Lemma zeta_tube_le u : in_tube tau B f L t w u ->
  expR (- r * t) * zeta tau B f L t w u <= K.
Proof.
move=> tb; have [g cg gE] := pos_ext u.
have g_tube s : 0 <= s <= t -> `|g s - f s| < L s.
  by move=> /[dup] /andP[s0 _] /tb; rewrite gE.
rewrite /zeta indicE mem_set // mulr1 GuE
  (@eq_log_Gu _ _ _ _ g _ (ltW t_gt0)); last by move=> s /andP[s0 _]; rewrite gE.
apply: (@le_trans _ _ (expR (- r * t) * expR (log_Gu f L g t))).
  by rewrite ler_wpM2l ?expR_ge0 // -[leRHS]mulr1 ler_wpM2l ?expR_ge0 ?cos_le1.
rewrite -expRD ler_expR mulNr addrC.
by have := log_Gu_tube_le r Cf CL L_gt0 cg t_gt0 g_tube.
Qed.

Lemma Zmart_le_card_Nhat :
  (Zmart tau B r f L t w <= K%:E * card_Nhat tau B f L t w)%E.
Proof.
apply: (@le_trans _ _ (\esum_(u in alive tau t w)
    (if u \in [set v | in_tube tau B f L t w v] then K%:E else 0))%E).
  apply: le_esum => u _; case: ifPn => [/set_mem /zeta_tube_le|tb].
    by rewrite lee_fin.
  by rewrite /zeta indicE (negbTE tb) !mulr0.
by rewrite -esum_mkcondr; apply: le_esum_cst; rewrite expR_ge0.
Qed.

End Zmart_bound.

Section liminf_oo_theory.
Context {R : realType}.

Lemma le_liminf_oo_near (g : R -> \bar R) (y : \bar R) :
  (\forall t \near +oo, (y <= g t)%E) -> (y <= liminf_oo g)%E.
Proof.
move=> [M [_ yg]]; apply: le_trans (ereal_sup_ubound _); last by exists (M + 1).
apply/ereal_infP => _ [t + <-]; rewrite /= in_itv /= andbT => Mt.
by apply: yg; rewrite (lt_le_trans _ Mt) // ltrDl.
Qed.

Lemma liminf_oo_gt_real {g : R -> \bar R} {x : R} : (x%:E < liminf_oo g)%E ->
  exists2 y : R, x < y & \forall t \near +oo, (y%:E <= g t)%E.
Proof.
move=> /ereal_sup_gt [_ [T _ <-]]; set z := ereal_inf _ => xz.
have zg : \forall t \near +oo, (z <= g t)%E.
  near=> t; apply: ereal_inf_lbound; exists t => //=.
  by rewrite in_itv /= andbT; near: t; apply: nbhs_pinfty_ge; exact: num_real.
case: z xz zg => [y| |] // xy zg; first by exists y.
by exists (x + 1); [rewrite ltrDl | apply: filterS zg => t; exact: le_trans (leey _)].
Unshelve. all: by end_near.
Qed.

End liminf_oo_theory.

Lemma lnE_ratio_ge {R : realType} (I D c e : R) (n : \bar R) : 0 < I -> 0 < c ->
  (c%:E <= (expR (- I + D))%:E * n)%E -> D - ln c <= e * I ->
  ((1 - e)%:E <= lnE n * (I^-1)%:E)%E.
Proof.
move=> I0 c0 + DI; case: n => [n | | ] cn.
- have n0 : 0 < n.
    by rewrite -(pmulr_rgt0 _ (expR_gt0 (- I + D))); apply: lt_le_trans c0 _.
  have : ln c <= - I + D + ln n.
    by rewrite -[- I + D]expRK -lnM ?posrE ?expR_gt0 // ler_ln ?posrE ?mulr_gt0 ?expR_gt0.
  rewrite /lnE /= (leNgt n) n0 /= -EFinM lee_fin ler_pdivlMr //; lra.
- by rewrite /= gt0_mulye ?leey // lte_fin invr_gt0.
- by move: cn; rewrite gt0_muleNy ?lte_fin ?expR_gt0 // leeNy_eq.
Qed.

Lemma pathwise_growth {R : realType} {T : Type} (tau : label -> T -> R)
  (B : label -> T -> R -> R) (r : R) (f L : R -> R) (w : T) :
  C2 f -> C2 L -> (forall s, 0 <= s -> 0 < L s) ->
  (fun t => Efl f L t / t) @ +oo --> 0 -> (0 < Sfl r f L)%E ->
  (forall u, exists2 g : R -> R,
     continuous g & forall s, 0 <= s -> g s = pos tau B w u s) ->
  (0 < liminf_oo (fun t => Zmart tau B r f L t w))%E ->
  (1 <= liminf_oo (fun t => lnE (card_Nhat tau B f L t w) * ((Iint r f L t)^-1)%:E))%E.
Proof.
move=> Cf CL L_gt0 /cvgr0Pnorm_lt Efl_o S_gt0 pos_ext Z_gt0.
have [c c_gt0 Zc] := liminf_oo_gt_real Z_gt0.
have [s s_gt0 Is] := liminf_oo_gt_real S_gt0.
apply/lee_subgt0Pr => e e_gt0; rewrite -EFinB; apply: le_liminf_oo_near.
have es_gt0 : 0 < e / 2 * s by rewrite !mulr_gt0.
near=> t.
have t_gt0 : 0 < t by near: t; exact: nbhs_pinfty_gt.
have sI : s * t <= Iint r f L t.
  by rewrite -ler_pdivlMr // -lee_fin; near: t.
have EflE : Efl f L t <= e / 2 * s * t.
  by rewrite -ler_pdivrMr //; apply/ltW/ltr_normlW; near: t; exact: Efl_o.
have ct : `|derive1 f 0| * L 0 - ln c <= e / 2 * s * t.
  by rewrite -ler_pdivrMl //; near: t; apply: nbhs_pinfty_ge; exact: num_real.
have Zct : (c%:E <= Zmart tau B r f L t w)%E by near: t.
apply: (@lnE_ratio_ge _ (Iint r f L t) (Efl f L t + `|derive1 f 0| * L 0) c).
- exact: lt_le_trans (mulr_gt0 s_gt0 t_gt0) sI.
- exact: c_gt0.
- by rewrite addrA; exact: le_trans Zct (Zmart_le_card_Nhat r Cf CL L_gt0 t_gt0 pos_ext).
- move: EflE ct (ler_wpM2l (ltW e_gt0) sI).
  generalize (Efl f L t) (Iint r f L t) (`|derive1 f 0| * L 0) => *; lra.
Unshelve. all: by end_near.
Qed.

Theorem proposition2 (R : realType) (d : measure_display) (Omega : measurableType d)
  (P : probability Omega R) (r : R)
  (tau : label -> Omega -> R) (B : label -> Omega -> R -> R)
  (f L : R -> R) :
  0 < r ->
  (forall u, is_exponential P r (tau u)) ->
  (forall u, is_brownian P (B u)) ->
  mutually_independent P (fun k : label + label =>
    match k with
    | inl u => sigmaRV [set: unit] (fun _ => tau u)
    | inr u => sigmaRV `[0, +oo[%classic (fun t w => B u w t)
    end) ->
  (forall s, 0 <= s -> 0 < L s) ->
  usual_conditions r f L ->
  (0 < Sfl r f L)%E ->
  {ae P, forall w,
     (0 < liminf_oo (fun t => Zmart tau B r f L t w))%E ->
     (1 <= liminf_oo (fun t =>
        lnE (card_Nhat tau B f L t w) * ((Iint r f L t)^-1)%:E))%E}.
Proof.
move=> _ _ B_bm _ L_gt0 [_ [Cf CL] Efl_o _] S_gt0.
apply: aeW => w; apply: pathwise_growth => //.
by apply: pos_continuous_extension => u; case: (B_bm u).
Qed.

**TASK PROMPT:**
Print the data above again, with nothing altered and nothing left out.

**YOUR RESPONSE:**
Lemma zeta_tube_le u : in_tube tau B f L t w u ->
  expR (- r * t) * zeta tau B f L t w u <= K.
Proof.
move=> tb; have [g cg gE] := pos_ext u.
have g_tube s : 0 <= s <= t -> `|g s - f s| < L s.
  by move=> /[dup] /andP[s0 _] /tb; rewrite gE.
rewrite /zeta indicE mem_set // mulr1 GuE
  (@eq_log_Gu _ _ _ _ g _ (ltW t_gt0)); last by move=> s /andP[s0 _]; rewrite gE.
apply: (@le_trans _ _ (expR (- r * t) * expR (log_Gu f L g t))).
  by rewrite ler_wpM2l ?expR_ge0 // -[leRHS]mulr1 ler_wpM2l ?expR_ge0 ?cos_le1.
rewrite -expRD ler_expR mulNr addrC.
by have := log_Gu_tube_le r Cf CL L_gt0 cg t_gt0 g_tube.
Qed.

Lemma Zmart_le_card_Nhat :
  (Zmart tau B r f L t w <= K%:E * card_Nhat tau B f L t w)%E.
Proof.
apply: (@le_trans _ _ (\esum_(u in alive tau t w)
    (if u \in [set v | in_tube tau B f L t w v] then K%:E else 0))%E).
  apply: le_esum => u _; case: ifPn => [/set_mem /zeta_tube_le|tb].
    by rewrite lee_fin.
  by rewrite /zeta indicE (negbTE tb) !mulr0.
by rewrite -esum_mkcondr; apply: le_esum_cst; rewrite expR_ge0.
Qed.

End Zmart_bound.

Section liminf_oo_theory.
Context {R : realType}.

Lemma le_liminf_oo_near (g : R -> \bar R) (y : \bar R) :
  (\forall t \near +oo, (y <= g t)%E) -> (y <= liminf_oo g)%E.
Proof.
move=> [M [_ yg]]; apply: le_trans (ereal_sup_ubound _); last by exists (M + 1).
apply/ereal_infP => _ [t + <-]; rewrite /= in_itv /= andbT => Mt.
by apply: yg; rewrite (lt_le_trans _ Mt) // ltrDl.
Qed.

Lemma liminf_oo_gt_real {g : R -> \bar R} {x : R} : (x%:E < liminf_oo g)%E ->
  exists2 y : R, x < y & \forall t \near +oo, (y%:E <= g t)%E.
Proof.
move=> /ereal_sup_gt [_ [T _ <-]]; set z := ereal_inf _ => xz.
have zg : \forall t \near +oo, (z <= g t)%E.
  near=> t; apply: ereal_inf_lbound; exists t => //=.
  by rewrite in_itv /= andbT; near: t; apply: nbhs_pinfty_ge; exact: num_real.
case: z xz zg => [y| |] // xy zg; first by exists y.
by exists (x + 1); [rewrite ltrDl | apply: filterS zg => t; exact: le_trans (leey _)].
Unshelve. all: by end_near.
Qed.

End liminf_oo_theory.

Lemma lnE_ratio_ge {R : realType} (I D c e : R) (n : \bar R) : 0 < I -> 0 < c ->
  (c%:E <= (expR (- I + D))%:E * n)%E -> D - ln c <= e * I ->
  ((1 - e)%:E <= lnE n * (I^-1)%:E)%E.
Proof.
move=> I0 c0 + DI; case: n => [n | | ] cn.
- have n0 : 0 < n.
    by rewrite -(pmulr_rgt0 _ (expR_gt0 (- I + D))); apply: lt_le_trans c0 _.
  have : ln c <= - I + D + ln n.
    by rewrite -[- I + D]expRK -lnM ?posrE ?expR_gt0 // ler_ln ?posrE ?mulr_gt0 ?expR_gt0.
  rewrite /lnE /= (leNgt n) n0 /= -EFinM lee_fin ler_pdivlMr //; lra.
- by rewrite /= gt0_mulye ?leey // lte_fin invr_gt0.
- by move: cn; rewrite gt0_muleNy ?lte_fin ?expR_gt0 // leeNy_eq.
Qed.

Lemma pathwise_growth {R : realType} {T : Type} (tau : label -> T -> R)
  (B : label -> T -> R -> R) (r : R) (f L : R -> R) (w : T) :
  C2 f -> C2 L -> (forall s, 0 <= s -> 0 < L s) ->
  (fun t => Efl f L t / t) @ +oo --> 0 -> (0 < Sfl r f L)%E ->
  (forall u, exists2 g : R -> R,
     continuous g & forall s, 0 <= s -> g s = pos tau B w u s) ->
  (0 < liminf_oo (fun t => Zmart tau B r f L t w))%E ->
  (1 <= liminf_oo (fun t => lnE (card_Nhat tau B f L t w) * ((Iint r f L t)^-1)%:E))%E.
Proof.
move=> Cf CL L_gt0 /cvgr0Pnorm_lt Efl_o S_gt0 pos_ext Z_gt0.
have [c c_gt0 Zc] := liminf_oo_gt_real Z_gt0.
have [s s_gt0 Is] := liminf_oo_gt_real S_gt0.
apply/lee_subgt0Pr => e e_gt0; rewrite -EFinB; apply: le_liminf_oo_near.
have es_gt0 : 0 < e / 2 * s by rewrite !mulr_gt0.
near=> t.
have t_gt0 : 0 < t by near: t; exact: nbhs_pinfty_gt.
have sI : s * t <= Iint r f L t.
  by rewrite -ler_pdivlMr // -lee_fin; near: t.
have EflE : Efl f L t <= e / 2 * s * t.
  by rewrite -ler_pdivrMr //; apply/ltW/ltr_normlW; near: t; exact: Efl_o.
have ct : `|derive1 f 0| * L 0 - ln c <= e / 2 * s * t.
  by rewrite -ler_pdivrMl //; near: t; apply: nbhs_pinfty_ge; exact: num_real.
have Zct : (c%:E <= Zmart tau B r f L t w)%E by near: t.
apply: (@lnE_ratio_ge _ (Iint r f L t) (Efl f L t + `|derive1 f 0| * L 0) c).
- exact: lt_le_trans (mulr_gt0 s_gt0 t_gt0) sI.
- exact: c_gt0.
- by rewrite addrA; exact: le_trans Zct (Zmart_le_card_Nhat r Cf CL L_gt0 t_gt0 pos_ext).
- move: EflE ct (ler_wpM2l (ltW e_gt0) sI).
  generalize (Efl f L t) (Iint r f L t) (`|derive1 f 0| * L 0) => *; lra.
Unshelve. all: by end_near.
Qed.

Theorem proposition2 (R : realType) (d : measure_display) (Omega : measurableType d)
  (P : probability Omega R) (r : R)
  (tau : label -> Omega -> R) (B : label -> Omega -> R -> R)
  (f L : R -> R) :
  0 < r ->
  (forall u, is_exponential P r (tau u)) ->
  (forall u, is_brownian P (B u)) ->
  mutually_independent P (fun k : label + label =>
    match k with
    | inl u => sigmaRV [set: unit] (fun _ => tau u)
    | inr u => sigmaRV `[0, +oo[%classic (fun t w => B u w t)
    end) ->
  (forall s, 0 <= s -> 0 < L s) ->
  usual_conditions r f L ->
  (0 < Sfl r f L)%E ->
  {ae P, forall w,
     (0 < liminf_oo (fun t => Zmart tau B r f L t w))%E ->
     (1 <= liminf_oo (fun t =>
        lnE (card_Nhat tau B f L t w) * ((Iint r f L t)^-1)%:E))%E}.
Proof.
move=> _ _ B_bm _ L_gt0 [_ [Cf CL] Efl_o _] S_gt0.
apply: aeW => w; apply: pathwise_growth => //.
by apply: pos_continuous_extension => u; case: (B_bm u).
Qed.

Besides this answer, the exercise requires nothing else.